Map Sheets:82J/16, 82O/1
Location:Tp23 R1, 2 W5
Lat/Long:50°59'N 114°08'W

Calgary is very fortunate to have within its city limits such a sparkling blue gem as Glenmore Reservoir (Fig. 1). This impoundment of the Elbow River not only provides more than half of the city water supply, but it also provides delightful relief from the urban landscape. Surrounded by parks and golf courses, it is a focus for recreation for many of the over half-million residents of this city. The reservoir is in the southwest portion of the city and is reached via 37 Street SW and 24 Street NW on the north side, via 14 Street SW and Heritage Drive on the east side and by 90 Avenue SW and 24 Street SW on the south side (inset, Fig. 1).

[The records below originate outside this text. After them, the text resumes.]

(* Relations (1)-(10) of the q-tensor product M (x)^q L, plus the exterior
   relation h (x) h = 0, for an assignment of generators
   w h g  (the image of h (x) g, h in M, g in L) and
   c h    (the image of {h}, h in M).
   For q = 0 there are no generators {h}: this is encoded by requiring c = 0
   on M (and relations (7)-(10) are imposed only for q >= 1). *)
Record qext_rels (q : nat) (L : lmodType Lam) (brL : L -> L -> L) (M : L -> Prop)
  (E : lmodType Lam) (brE : E -> E -> E) (w : L -> L -> E) (c : L -> E) : Prop := {
  rel1 : forall (a : Lam) h g, M h -> a *: w h g = w (a *: h) g /\ w (a *: h) g = w h (a *: g);
  rel2 : forall h h' g, M h -> M h' -> w (h + h') g = w h g + w h' g;
  rel3 : forall h g g', M h -> w h (g + g') = w h g + w h g';
  rel4 : forall h h' g, M h -> M h' ->
           w (brL h h') g = w h (brL h' g) - w h' (brL h g);
  rel5 : forall h g g', M h -> w h (brL g g') = w (brL g' h) g - w (brL g h) g';
  rel6 : forall h h' g g', M h -> M h' ->
           brE (w h g) (w h' g') = w (brL h g) (brL h' g');
  rel7 : (0 < q)%N -> forall h h' g, M h -> M h' ->
           brE (c h') (w h g) = w (brL (h' *+ q) h) g + w h (brL (h' *+ q) g);
  rel8 : (0 < q)%N -> forall (a a' : Lam) h h', M h -> M h' ->
           c (a *: h + a' *: h') = a *: c h + a' *: c h';
  rel9 : (0 < q)%N -> forall h h', M h -> M h' -> brE (c h) (c h') = w (h *+ q) (h' *+ q);
  rel10 : (0 < q)%N -> forall h g, M h -> c (brL h g) = (w h g) *+ q;
  rel_q0 : q = 0%N -> forall h, M h -> c h = 0;
  rel_ext : forall h, M h -> w h h = 0 }.

Definition is_qext (q : nat) (L : lmodType Lam) (brL : L -> L -> L) (M : L -> Prop)
  (E : lmodType Lam) (brE : E -> E -> E) (w : L -> L -> E) (c : L -> E) : Prop :=
  [/\ lie_axioms brE,
      qext_rels q brL M brE w c &
      forall (T : lmodType Lam) (brT : T -> T -> T) (w' : L -> L -> T) (c' : L -> T),
        lie_axioms brT -> qext_rels q brL M brT w' c' ->
        (exists f : E -> T, [/\ lie_hom brE brT f,
            (forall h g, M h -> f (w h g) = w' h g) &
            (forall h, M h -> f (c h) = c' h)]) /\
        (forall f1 f2 : E -> T,
            lie_hom brE brT f1 -> (forall h g, M h -> f1 (w h g) = w' h g) ->
            (forall h, M h -> f1 (c h) = c' h) ->
            lie_hom brE brT f2 -> (forall h g, M h -> f2 (w h g) = w' h g) ->
            (forall h, M h -> f2 (c h) = c' h) ->
            forall x, f1 x = f2 x)].

End Lie.

From HB Require Import structures.
From mathcomp Require Import all_boot all_order all_algebra.
From mathcomp Require Import boolp.
Import GRing.Theory.
Local Open Scope ring_scope.
Set Implicit Arguments. Unset Strict Implicit. Unset Printing Implicit Defensive.

(* Since p kills H, the composite f2 \o f1 kills the generators h /\ g and {h} (h in H),
   and f2 is onto because its image contains every generator of (G/H) /\^q (G/H).
   For exactness in the middle, relations (6), (7) and (9) show that brackets of
   generators with the generators h /\ g, {h} of Im f1 lie again in Im f1, so Im f1
   is an ideal and we may form pi : G /\^q G -> (G /\^q G) / Im f1.  As pi kills
   h /\ g, g /\ h and {h} for h in H, the elements pi (g /\ g') and pi {g} only depend
   on the classes of g, g' modulo H; they satisfy the defining relations of
   (G/H) /\^q (G/H), so pi factors through f2 and ker f2 is contained in
   ker pi = Im f1. *)

Section LinearMaps.
Variables (Lam : comPzRingType) (U V : lmodType Lam) (f : U -> V).
Hypothesis f_lin : linear f.
HB.instance Definition _ := GRing.isLinear.Build Lam U V *:%R f f_lin.

Lemma lin0 : f 0 = 0. Proof. exact: linear0. Qed.
Lemma linD : {morph f : x y / x + y}. Proof. exact: linearD. Qed.
Lemma linN : {morph f : x / - x}. Proof. exact: linearN. Qed.
Lemma linB : {morph f : x y / x - y}. Proof. exact: linearB. Qed.
Lemma linZ a : {morph f : x / a *: x}. Proof. exact: linearZ. Qed.
Lemma linMn n : {morph f : x / x *+ n}. Proof. exact: linearMn. Qed.
End LinearMaps.

Section LieAlgebra.
Variables (Lam : comPzRingType) (V : lmodType Lam) (br : V -> V -> V).
Hypothesis lieV : lie_axioms br.

Lemma lie_linearl z : linear (br^~ z).
Proof. by case: lieV => brl _ _ _ a x y; apply: brl. Qed.

Lemma lie_linearr x : linear (br x).
Proof. by case: lieV => _ brr _ _ a y z; apply: brr. Qed.

Lemma lie_alt x : br x x = 0. Proof. by case: lieV. Qed.

Lemma lie_anti x y : br y x = - br x y.
Proof.
apply/eqP; rewrite -addr_eq0 addrC -(lie_alt (x + y)).
by rewrite (linD (lie_linearl _)) !(linD (lie_linearr _)) !lie_alt add0r addr0.
Qed.

Lemma lie_jacobil x y z : br (br x y) z = br x (br y z) - br y (br x z).
Proof.
have jac : br x (br y z) + br y (br z x) = - br z (br x y).
  by apply/eqP; rewrite -addr_eq0; apply/eqP; case: lieV.
by rewrite [br (br x y) z]lie_anti -jac [br x z]lie_anti (linN (lie_linearr _)) opprK.
Qed.

Lemma lie_derivation x y z : br x (br y z) = br (br x y) z + br y (br x z).
Proof. by rewrite lie_jacobil subrK. Qed.
End LieAlgebra.

Definition is_submodule (Lam : comPzRingType) (V : lmodType Lam) (S : V -> Prop) :=
  S 0 /\ forall a x y, S x -> S y -> S (a *: x + y).

Section Submodule.
Variables (Lam : comPzRingType) (V : lmodType Lam) (S : V -> Prop).
Hypothesis S_submod : is_submodule S.

Lemma submod0 : S 0. Proof. by case: S_submod. Qed.
Lemma submodP a x y : S x -> S y -> S (a *: x + y).
Proof. by case: S_submod => _; apply. Qed.
Lemma submodD x y : S x -> S y -> S (x + y).
Proof. by move=> Sx Sy; have := submodP 1 Sx Sy; rewrite scale1r. Qed.
Lemma submodZ a x : S x -> S (a *: x).
Proof. by move=> Sx; have := submodP a Sx submod0; rewrite addr0. Qed.
Lemma submodN x : S x -> S (- x).
Proof. by rewrite -scaleN1r; apply: submodZ. Qed.
Lemma submodB x y : S x -> S y -> S (x - y).
Proof. by move=> Sx Sy; apply: submodD => //; apply: submodN. Qed.
Lemma submodMn x n : S x -> S (x *+ n).
Proof.
move=> Sx; elim: n => [|n IH]; first by rewrite mulr0n; apply: submod0.
by rewrite mulrS; apply: submodD.
Qed.
End Submodule.

Lemma image_submod (Lam : comPzRingType) (U V : lmodType Lam) (f : U -> V) :
  linear f -> is_submodule (fun y => exists x, f x = y).
Proof.
move=> f_lin; split; first by exists 0; rewrite (lin0 f_lin).
by move=> a _ _ [x <-] [y <-]; exists (a *: x + y); rewrite f_lin.
Qed.

Section LieIdeal.
Variables (Lam : comPzRingType) (V : lmodType Lam) (br : V -> V -> V) (I : V -> Prop).
Hypothesis I_ideal : lie_ideal br I.

Lemma lie_ideal_submod : is_submodule I.
Proof. by case: I_ideal. Qed.
Lemma lie_idealMl x y : I x -> I (br x y).
Proof. by case: I_ideal => _ _ brI /(brI _ y) []. Qed.
Lemma lie_idealMr x y : I y -> I (br x y).
Proof. by case: I_ideal => _ _ brI /(brI _ x) []. Qed.
End LieIdeal.

Lemma lie_idealT (Lam : comPzRingType) (V : lmodType Lam) (br : V -> V -> V) :
  lie_ideal br (fun _ => True).
Proof. by []. Qed.

Ltac lie_ideal_closed I_ideal :=
  let I_submod := constr:(lie_ideal_submod I_ideal) in
  solve [ assumption
    | apply: (submodD I_submod); lie_ideal_closed I_ideal
    | apply: (submodZ I_submod); lie_ideal_closed I_ideal
    | apply: (submodB I_submod); lie_ideal_closed I_ideal
    | apply: (submodMn I_submod); lie_ideal_closed I_ideal
    | apply: (lie_idealMl I_ideal); lie_ideal_closed I_ideal
    | apply: (lie_idealMr I_ideal); lie_ideal_closed I_ideal ].

Section LieHom.
Variable Lam : comPzRingType.
Implicit Types U V W : lmodType Lam.

Lemma lie_hom_linear U V (brU : U -> U -> U) (brV : V -> V -> V) f :
  lie_hom brU brV f -> linear f.
Proof. by case. Qed.

Lemma lie_hom_id V (br : V -> V -> V) : lie_hom br br id.
Proof. by []. Qed.

Lemma lie_hom_comp U V W (brU : U -> U -> U) (brV : V -> V -> V) (brW : W -> W -> W) f g :
  lie_hom brU brV f -> lie_hom brV brW g -> lie_hom brU brW (g \o f).
Proof. by case=> fl fb [gl gb]; split=> *; rewrite /= ?fl ?gl ?fb ?gb. Qed.

Lemma lie_hom0 U V (brU : U -> U -> U) (brV : V -> V -> V) :
  lie_axioms brV -> lie_hom brU brV (fun _ => 0).
Proof. by move=> lieV; split=> *; rewrite ?scaler0 ?addr0 ?lie_alt. Qed.
End LieHom.

Section LieQuotientMap.
Variables (Lam : comPzRingType) (L Q : lmodType Lam) (brL : L -> L -> L) (brQ : Q -> Q -> Q).
Variables (M : L -> Prop) (p : L -> Q).
Hypothesis p_quot : is_lie_quotient brL M brQ p.

Lemma lie_quotient_hom : lie_hom brL brQ p. Proof. by case: p_quot. Qed.
Lemma lie_quotient_surj y : exists x, p x = y. Proof. by case: p_quot. Qed.
Lemma lie_quotient_ker x : p x = 0 <-> M x. Proof. by case: p_quot. Qed.
End LieQuotientMap.

Section RelationsTransport.
Variables (Lam : comPzRingType) (q : nat) (L : lmodType Lam) (brL : L -> L -> L).
Variables (M : L -> Prop) (E T : lmodType Lam) (brE : E -> E -> E) (brT : T -> T -> T).
(* Let $\lambda\in(0,1)$, $X=[0,1]^2$, $X_1=\{(x,y)\in X:y<x^2\}$, $X_2=\{(x,y)\in X:y>x^2\}$, $f_1(x,y)=\lambda(x,y)$ and $f_2(x,y)=(1-\lambda x,\lambda y)$. Let $f:X\to X$ be any map with $f|_{X_i}=f_i$ for $i=1,2$. Then $L=\overline{\{(\lambda^n,0):n\in\mathbb N\}}=\Lambda$, and the attractor is transitive.
   Context: Here $\Delta:=X\setminus(X_1\cup X_2)=\{y=x^2\}$ and $\tilde X:=\bigcap_{n\ge0}f^{-n}(X\setminus\Delta)$. For $x\in\tilde X$, $\omega(x)$ is the set of limits of $f^{n_k}(x)$ along divergent sequences $(n_k)$; the limit set is $L:=\overline{\bigcup_{x\in\tilde X}\omega(x)}$. With $F_i(A):=\overline{f(A\cap X_i)}$, atoms of generation $n$ are the sets $F_{i_n}\circ\cdots\circ F_{i_1}(X)$, $\Lambda_n$ is their union, and the attractor is $\Lambda:=\bigcap_{n\ge1}\Lambda_n$. A compact set $Y$ is transitive if $Y=\omega(x)$ for some $x\in\tilde X$. *)

From HB Require Import structures.
From mathcomp Require Import all_boot all_order all_algebra.
From mathcomp Require Import all_classical all_reals all_analysis.
Set Implicit Arguments. Unset Strict Implicit. Unset Printing Implicit Defensive.
Import Order.TTheory GRing.Theory Num.Theory.
Import numFieldNormedType.Exports.
Local Open Scope classical_set_scope.
Local Open Scope ring_scope.

Section Defs.
Variable R : realType.
Notation pt := (R * R)%type.

Definition Xsq : set pt := [set p | 0 <= p.1 <= 1 /\ 0 <= p.2 <= 1].
Definition X1 : set pt := [set p | Xsq p /\ p.2 < p.1 ^+ 2].
Definition X2 : set pt := [set p | Xsq p /\ p.2 > p.1 ^+ 2].
Definition Delta : set pt := Xsq `\` (X1 `|` X2).

Definition f1 (lam : R) (p : pt) : pt := (lam * p.1, lam * p.2).
Definition f2 (lam : R) (p : pt) : pt := (1 - lam * p.1, lam * p.2).

Definition Xtilde (f : pt -> pt) : set pt :=
  [set x | Xsq x /\ forall n : nat, (Xsq `\` Delta) (iter n f x)].

Definition omega (f : pt -> pt) (x : pt) : set pt :=
  [set p : pt | exists nk : nat -> nat,
      (forall M : nat, exists K : nat, forall k : nat, (K <= k)%N -> (M <= nk k)%N)
      /\ (fun k => iter (nk k) f x) @ \oo --> p].

Definition limset (f : pt -> pt) : set pt :=
  closure (\bigcup_(x in Xtilde f) omega f x).

Inductive piece := P1 | P2.
Definition Xi (i : piece) : set pt := match i with P1 => X1 | P2 => X2 end.

Definition Fmap (f : pt -> pt) (i : piece) (A : set pt) : set pt :=
  closure (f @` (A `&` Xi i)).

(* atom F_{i_n} o ... o F_{i_1} (X) for the word w = [:: i_n; ...; i_1] *)
Definition atom (f : pt -> pt) (w : seq piece) : set pt :=
  foldr (Fmap f) Xsq w.

Definition Lambda_n (f : pt -> pt) (n : nat) : set pt :=
  [set p | exists w : seq piece, size w = n /\ atom f w p].

Definition attractor (f : pt -> pt) : set pt :=
  \bigcap_(n in [set n : nat | (1 <= n)%N]) Lambda_n f n.

Definition transitive_set (f : pt -> pt) (Y : set pt) : Prop :=
  compact Y /\ exists x, Xtilde f x /\ omega f x = Y.

End Defs.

The Glenmore area was named by Sam Livingston, one of the first settlers in the area. He built his home in the Elbow Valley in the 1860s and named the valley Glenmore, which is Gaelic for "big valley" and was the name of his home in Ireland (Calg. Field Nat. Soc. 1975). In 1932, the city of Calgary purchased the land for the reservoir and the Sarcee Indians transferred part of their reserve to the city, including the area of floodplain bounded by the last major meander of the Elbow River upstream of the reservoir. This area is named Weaselhead after the Sarcee Chief who lived there for about 50 years in the late nineteenth and early twentieth centuries (Calg. Field Nat. Soc. 1975). On 31 January 1933, the Glenmore Dam across the Elbow River was completed, and by that summer, Glenmore Reservoir had been created to provide a stable water supply for Calgary.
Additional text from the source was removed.